Please provide complete information as applicable to your setup.
• Hardware Platform (Jetson / GPU)
• DeepStream Version
• JetPack Version (valid for Jetson only)
• TensorRT Version
• NVIDIA GPU Driver Version (valid for GPU only)
• Issue Type( questions, new requirements, bugs)
• How to reproduce the issue ? (This is for bugs. Including which sample app is using, the configuration files content, the command line used and other details for reproducing)
• Requirement details( This is for new requirement. Including the module name-for which plugin or for which sample application, the function description)

GPU: L2
Deepstream-version:6.4(In Docker)
TensorRT : 8.6.1
NVIDIA GPU Driver Version:535.183.06
Issue Type: After running the deepstream app for a few minutes, the CPU consumption suddenly increases
How to reproduce the issue:Using the above config configuration and the YOLOV8 model from GitHub, if you need to provide a model, I can attach it

can you use the latest DS7.1 to reproduce this issue? did you modify the deepstream-app code? can you share the CPU usage after disabling tracker? can you share the CPU usage after disabling tracker and pgie? wondering which plugin causes the high CPU usage.

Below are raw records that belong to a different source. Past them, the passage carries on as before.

(** A truth function [g] realizes a rule (Bp, Bc) when [g w] is premise-designated
    exactly if the arguments [w] refute one of the atomic sequents of Bp, and
    conclusion-designated exactly if they refute none of Bc; the connective it
    interprets is then regular with that rule, valuation by valuation.
    Evaluating the regularity of a classical connective at the sequent whose only
    countermodel candidate is a given Boolean valuation shows that its rule is
    complementary: classically, Bp is refuted exactly when Bc is not.
    Complementarity is what makes the rule realizable in V.  When both sides (or
    neither) are refuted we need a value in Dp but not Dc (or in Dc but not Dp);
    if no argument is one, the Dp-pattern (or Dc-pattern) of the arguments is a
    Boolean valuation contradicting complementarity.  In the two remaining cases
    1 and 0 will do.  The G-conditional is the realizer of the rule of classical
    implication. *)
From mathcomp Require Import all_boot.
From Stdlib Require Import Classical FunctionalExtensionality.
Set Implicit Arguments. Unset Strict Implicit. Unset Printing Implicit Defensive.

Section FiniteQuantifiers.
Variables (T : finType) (a b : T).

Lemma forall_in_set0 (P : pred T) : [forall x in set0, P x].
Proof. by apply/forall_inP => x; rewrite inE. Qed.

Lemma forall_in_set1 (P : pred T) : [forall x in [set a], P x] = P a.
Proof. by apply/forall_inP/idP => [/(_ a (set11 a)) // | Pa x /set1P->]. Qed.

Lemma exists_in_set1 (P : pred T) : [exists x in [set a], P x] = P a.
Proof. by apply/exists_inP/idP => [[x /set1P-> //] | Pa]; exists a; rewrite ?set11. Qed.

Lemma exists_in_set2 (P : pred T) : [exists x in [set a; b], P x] = P a || P b.
Proof.
apply/exists_inP/orP => [[x /set2P[]-> Px] | [Pa | Pb]]; [left | right | exists a | exists b] => //.
  by rewrite set21.
by rewrite set22.
Qed.

Lemma forall_in_set1P (P : T -> Prop) : (forall x, x \in [set a] -> P x) <-> P a.
Proof. by split=> [/(_ a (set11 a)) | Pa x /set1P->]. Qed.

Lemma forall_in_set2P (P : T -> Prop) :
  (forall x, x \in [set a; b] -> P x) <-> P a /\ P b.
Proof. by split=> [H | [Pa Pb] x /set2P[]-> //]; split; apply: H; rewrite ?set21 ?set22. Qed.

End FiniteQuantifiers.

Section Refutation.
Variable n : nat.
Implicit Types (a b u : 'I_n -> bool) (B : {set 'I_n} * {set 'I_n})
  (S : {set ({set 'I_n} * {set 'I_n})}).

(* [a] and [b] mark the premise- and conclusion-designated arguments: [refutes B a b]
   says that the atomic sequent B.1 |- B.2 fails on them. *)
Definition refutes B a b := [forall i in B.1, a i] && [forall i in B.2, ~~ b i].

Definition refutes_some S a b := [exists B in S, refutes B a b].

Definition complementary_rule S S' :=
  forall u, refutes_some S u u = ~~ refutes_some S' u u.

Lemma refutes_mono B a b a' b' :
  (forall i, a i -> a' i) -> (forall i, b' i -> b i) -> refutes B a b -> refutes B a' b'.
Proof.
move=> aa' b'b /andP[/forall_inP hB1 /forall_inP hB2].
apply/andP; split; apply/forall_inP => i iB; first exact/aa'/hB1.
by apply: contraNN (hB2 i iB); apply: b'b.
Qed.

Lemma refutes_some_mono S a b a' b' :
  (forall i, a i -> a' i) -> (forall i, b' i -> b i) ->
  refutes_some S a b -> refutes_some S a' b'.
Proof.
move=> aa' b'b /exists_inP[B BS hB].
by apply/exists_inP; exists B => //; apply: refutes_mono hB.
Qed.

Lemma eq_refutes B a b a' b' : a =1 a' -> b =1 b' -> refutes B a b = refutes B a' b'.
Proof. by move=> ea eb; apply/idP/idP; apply: refutes_mono => i; rewrite ?ea ?eb. Qed.

Lemma forall_refutes_some (T : Type) S (a b : T -> 'I_n -> bool) (P : T -> Prop) :
  (forall t, refutes_some S (a t) (b t) -> P t) <->
  (forall B, B \in S -> forall t, refutes B (a t) (b t) -> P t).
Proof.
split=> [H B BS t hB | H t /exists_inP[B BS hB]]; last exact: H hB.
by apply: H; apply/exists_inP; exists B.
Qed.

End Refutation.

Section Sequents.
Variables (V : Type) (Dp Dc : pred V) (K : Type) (ar : K -> nat) (I : interp V ar).
Implicit Types (G D : form ar -> Prop) (A : form ar) (v : nat -> V).

Definition valid_at v G D :=
  (forall A, G A -> Dp (eval I v A)) -> exists B, D B /\ Dc (eval I v B).

Lemma valid_at_addl v G D A :
  valid_at v (addf G A) D <-> (Dp (eval I v A) -> valid_at v G D).
Proof.
split=> [H pA pG | H pGA]; first by apply: H => X [/pG | ->].
by apply: H => [|X GX]; apply: pGA; [right | left].
Qed.

Lemma valid_at_addr v G D A :
  valid_at v G (addf D A) <-> (~~ Dc (eval I v A) -> valid_at v G D).
Proof.
split=> [H ncA /H[B [[DB | ->] cB]] | H pG]; first by exists B.
  by rewrite cB in ncA.
have [cA | /H/(_ pG)[B [DB cB]]] := boolP (Dc (eval I v A)).
  by exists A; split; first right.
by exists B; split; first left.
Qed.

Lemma valid_at_rule v G D c (F : 'I_(ar c) -> form ar)
    (B : {set 'I_(ar c)} * {set 'I_(ar c)}) :
  let w i := eval I v (F i) in
  valid_at v (unionf G (imgset F B.1)) (unionf (imgset F B.2) D) <->
  (refutes B (Dp \o w) (Dc \o w) -> valid_at v G D).
Proof.
move=> w; split=> [H /andP[/forall_inP pB1 /forall_inP ncB2] pG | H pGB].
  have [X [[[i iB ->] | DX] cX]] : exists X, unionf (imgset F B.2) D X /\ Dc (eval I v X).
  - by apply: H => X [/pG // | [i iB ->]]; apply: pB1.
  - by case/negP: (ncB2 i iB).
  - by exists X.
have [/existsP[i /andP[iB cFi]] | /existsPn ncB2] := boolP [exists i, (i \in B.2) && Dc (w i)].
  by exists (F i); split; first by left; exists i.
have [|X [DX cX]] := H _ (fun X GX => pGB X (or_introl GX)); last by exists X; split; first right.
apply/andP; split; apply/forall_inP => i iB; first by apply: pGB; right; exists i.
by move: (ncB2 i); rewrite iB.
Qed.

Definition realizes (n : nat) (g : ('I_n -> V) -> V) (S S' : {set ({set 'I_n} * {set 'I_n})}) :=
  forall w, Dp (g w) = refutes_some S (Dp \o w) (Dc \o w) /\
            Dc (g w) = ~~ refutes_some S' (Dp \o w) (Dc \o w).

Lemma regular_of_realizes c (Bp Bc : {set ({set 'I_(ar c)} * {set 'I_(ar c)})}) :
  realizes (@I c) Bp Bc -> @regular V Dp Dc K ar I c Bp Bc.
Proof.
move=> gE G D F; pose w v i := eval I v (F i).
have premisesE (S : {set ({set 'I_(ar c)} * {set 'I_(ar c)})}) :
  (forall B, B \in S ->
    cons Dp Dc I (unionf G (imgset F B.1)) (unionf (imgset F B.2) D)) <->
  forall v, refutes_some S (Dp \o w v) (Dc \o w v) -> valid_at v G D.
  rewrite forall_refutes_some.
  by split=> H B BS v; [apply/valid_at_rule/H | apply/valid_at_rule/H].
rewrite !premisesE; split; split=> H v.
- by rewrite -(gE (w v)).1; apply: (valid_at_addl v G D (App c F)).1 (H v).
- by apply/(valid_at_addl v G D (App c F)); rewrite /= (gE (w v)).1; apply: H.
- rewrite -[refutes_some _ _ _]negbK -(gE (w v)).2.
  exact: (valid_at_addr v G D (App c F)).1 (H v).
- by apply/(valid_at_addr v G D (App c F)); rewrite /= (gE (w v)).2 negbK; apply: H.
Qed.

End Sequents.

Section Realizers.
Variables (V : choiceType) (Dp Dc : pred V) (n : nat) (one zero : V).
Hypotheses (Dp_one : Dp one) (Dc_one : Dc one) (Dp_zero : ~~ Dp zero) (Dc_zero : ~~ Dc zero).
Implicit Types (S : {set ({set 'I_n} * {set 'I_n})}) (w : 'I_n -> V).

Lemma exists_realizer S S' : complementary_rule S S' -> exists g, realizes Dp Dc g S S'.
Proof.
move=> compl.
suff value w : exists x, (Dp x == refutes_some S (Dp \o w) (Dc \o w)) &&
                         (Dc x == ~~ refutes_some S' (Dp \o w) (Dc \o w)).
  exists (fun w => xchoose (value w)) => w.
  by have /andP[/eqP-> /eqP->] := xchooseP (value w).
case rS: (refutes_some S _ _); case rS': (refutes_some S' _ _).
- have [/existsP[i /andP[pi nci]] | /existsPn Dp_Dc] :=
    boolP [exists i, Dp (w i) && ~~ Dc (w i)].
    by exists (w i); rewrite pi (negbTE nci).
  have Dp_sub_Dc i : Dp (w i) -> Dc (w i) by move=> pi; move: (Dp_Dc i); rewrite pi negbK.
  have := compl (Dp \o w).
  by rewrite !(refutes_some_mono (fun _ => id) Dp_sub_Dc) ?rS ?rS'.
- by exists one; rewrite Dp_one Dc_one.
- by exists zero; rewrite (negbTE Dp_zero) (negbTE Dc_zero).
- have [/existsP[i /andP[ci npi]] | /existsPn Dc_Dp] :=
    boolP [exists i, Dc (w i) && ~~ Dp (w i)].
    by exists (w i); rewrite ci (negbTE npi).
  have Dc_sub_Dp i : Dc (w i) -> Dp (w i) by move=> ci; move: (Dc_Dp i); rewrite ci negbK.
  have := compl (Dc \o w).
  have [rcS _ | _ /esym/negbFE rcS'] := boolP (refutes_some S (Dc \o w) (Dc \o w)).
    by rewrite (refutes_some_mono Dc_sub_Dp (fun _ => id) rcS) in rS.
  by rewrite (refutes_some_mono Dc_sub_Dp (fun _ => id) rcS') in rS'.
Qed.

End Realizers.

I did not modify the code of the deepstream app. As mentioned above, the only two variables in this example are the YOLOV8 model and my use of a complex scene MP4 streaming

disable tracker:

disable tracker and pgie:


After running for a period of time:

Upgrading to 7.1 will take some time, so I haven’t tested it yet

seems the high CPU usage issue remains when disabling tracker and pgie.

  1. noticing there are 60 rtsp streams, what is the stream property like fps, resolution, encoding type? wondering if there is decoding performance, could you share the log of " nvidia-smi dmon"?
  2. please refer to this topic, Can you try to use the nsight tool to check which threads and functions occupied the CPU when the CPU loading is overloaded?